Faculty Senate talks proposed shared governance model

Brooke Schwartz

Todd Bruns, the institutional repository librarian and member of the Faculty Senate, was a part of the Workgroup Review Committee whose final recommendations were discussed during a Senate meeting Tuesday in Booth Library.

Brooke Schwartz, Administration Reporter

The Faculty Senate discussed a draft of a proposed shared governance model that would shift how campus groups are organized at Eastern Tuesday. The groups in the proposal included the Faculty Senate, the Council on Academic Affairs, the Council on Graduate Studies, the Council on Teacher Education, the Council on Faculty Research, the Committee for the Assessment of Student Learning, the Faculty Development Advisory Committee and a newly created general education committee.

The new shared governance model proposes the senate becomes an all-encompassing body, where all members of the other listed committees would be a part of the Faculty Senate. This means the senate would now consist of 30 to 50 members with two to three meetings a semester.

In this model, the senate would take more curricular responsibilities by officially approving program changes that would greatly affect the campus, while CAA would still approve minor changes and new programs.

Faculty Senate Vice Chair Jeff Stowell, who presented the shared governance shift to the Faculty Senate, said this process would not make curricular approval harder or more time-consuming.

This change could help accommodate Eastern’s campus as the number of faculty have dwindled over the past couple of years, Stowell said.

“We are starting, I believe, to see the effects of fewer faculty, particularly Unit A faculty, on campus,” Stowell said. “The deadline has now passed for submissions for elections (for campus organizations), and we have 14 positions for which people are running out of the 30 that are open.”

Institutional repository librarian Todd Bruns said if the campus cannot currently fill 30 positions, he does not think it will have more success filling the 50 positions proposed in the new model. The more people added to the senate, the less focused it could become, he said.

“(The Faculty Senate), as is, meets every two weeks, (and) we have the ability as a body to look at issues that are affecting the campus,” Bruns said. “In this model, I’m concerned that that focus could be really watered down.”

Bruns said the senate does not always get through every issue it is presented with during its meeting every two weeks, and he is worried about the effectiveness of the proposed senate in the new model.

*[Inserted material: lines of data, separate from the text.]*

Lemma rejection_free_follow s b r u r' : rejection_free (s, b) -> matched r b ->
  safe_reach A r u = Some r' -> exists b', [/\ rejection_free (s ++ u, b'), matched r' b' &
    safe_reach A (stA (v ++ s)) u = Some (stA (v ++ s ++ u))].
Proof.
elim: u s b r => [|a u IH] s b r RF Mr /=; first by case=> <-; exists b; rewrite !cats0.
case E: safe_next => [r1|//] Hu; have Ha := proj1 (safe_nextP A_safedet _ _ _) E.
have [b1 [T N M1]] := matched_step Mr Ha.
have step : config_step (s, b) (rcons s a, b1) by exists a; split => //; exists r, r1.
have [RF1 quiet] := rejection_free_step RF step.
have [b' [RF' M' Hs]] := IH _ _ _ RF1 M1 Hu.
exists b'; rewrite -cat_rcons; split => //.
have -> // : safe_next A (stA (v ++ s)) a = Some (stA (v ++ rcons s a)).
apply/(safe_nextP A_safedet); rewrite -rcons_cat; apply/andP; split.
  by case: (res_step sAP (v ++ s) a).
by rewrite -(res_label_rcons sAP) rcons_cat.
Qed.

Lemma rejection_free_safe_le s b r : rejection_free (s, b) -> matched r b ->
  safe_le r (stA (v ++ s)).
Proof.
move=> RF Mr; have [[_ Lb] _] := RF; split.
  apply: lang_eq_trans (lang_eq_sym (matched_lang Mr)) _.
  exact: lang_eq_trans Lb (lang_eq_sym (stA_lang _)).
move=> z /(safe_langE A_safedet) Hz; apply/(safe_langE A_safedet) => n.
case E: safe_reach (Hz n) => [r'|//] _.
by have [b' [_ _ ->]] := rejection_free_follow RF Mr E.
Qed.

Definition represents q b : Prop :=
  exists s, [/\ rejection_free (s, b), matched q b & stA (v ++ s) = q].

History professor Bailey Young said the senate may lose some of its worth if it becomes the proposed size in this draft.

“Fifty is a big number, and that’s going to change the whole temper and tenor of the conduct of business. A lot of the value of Faculty Senate as it works here, in my experience, has been the possibility of spontaneous interactions,” Young said. “If you’re meeting a couple of times with 50 people and an agenda with items that have to be moved quickly, you’re not going to have that.”

Philosophy professor Grant Sterling said he is not sure he sees the proposed value in making such changes, as just calling members of other committees a part of the senate does not improve communication between the two bodies.

If such a model were approved, it would have to be justified by the university, not by the Higher Learning Commission recommendation from 2014 to improve campus communication, economics professor Teshome Abebe said.

Stowell said he will continue to take the model to many different committees on campus to get their feedback.

He said he hopes to have a change implemented by Fall 2019.

Also at the meeting, the Faculty Senate approved a resolution endorsing a recommendation by the Workgroup Review Committee to establish an ongoing committee tasked with identifying current and future challenges and trends affecting higher education.

The resolution stated that this committee should be composed “in equal measures” by members designated by administration and the Faculty Senate.

The Workgroup Review Committee looked at recommendations made by vitalization project Workgroup No. 8 and 9.

Workgroups No. 8 and 9 looked at ways to reorganize the university’s colleges and new programs, among other things, during the vitalization project.

The resolution acknowledged that the senate discussed the findings of the Workgroup Review Committee, and, although not all items were agreed upon, the senate was appreciative of the ingenuity of the proposals.

The University Naming Committee, which was tasked with looking at the senate proposal to rename Douglas Hall, voted against the proposal at a meeting last week.

Bruns said he was disappointed with the negative vote from the committee, and, although he admits he was not present to hear the arguments against the proposal, he does believe the committee dismissed the idea too quickly.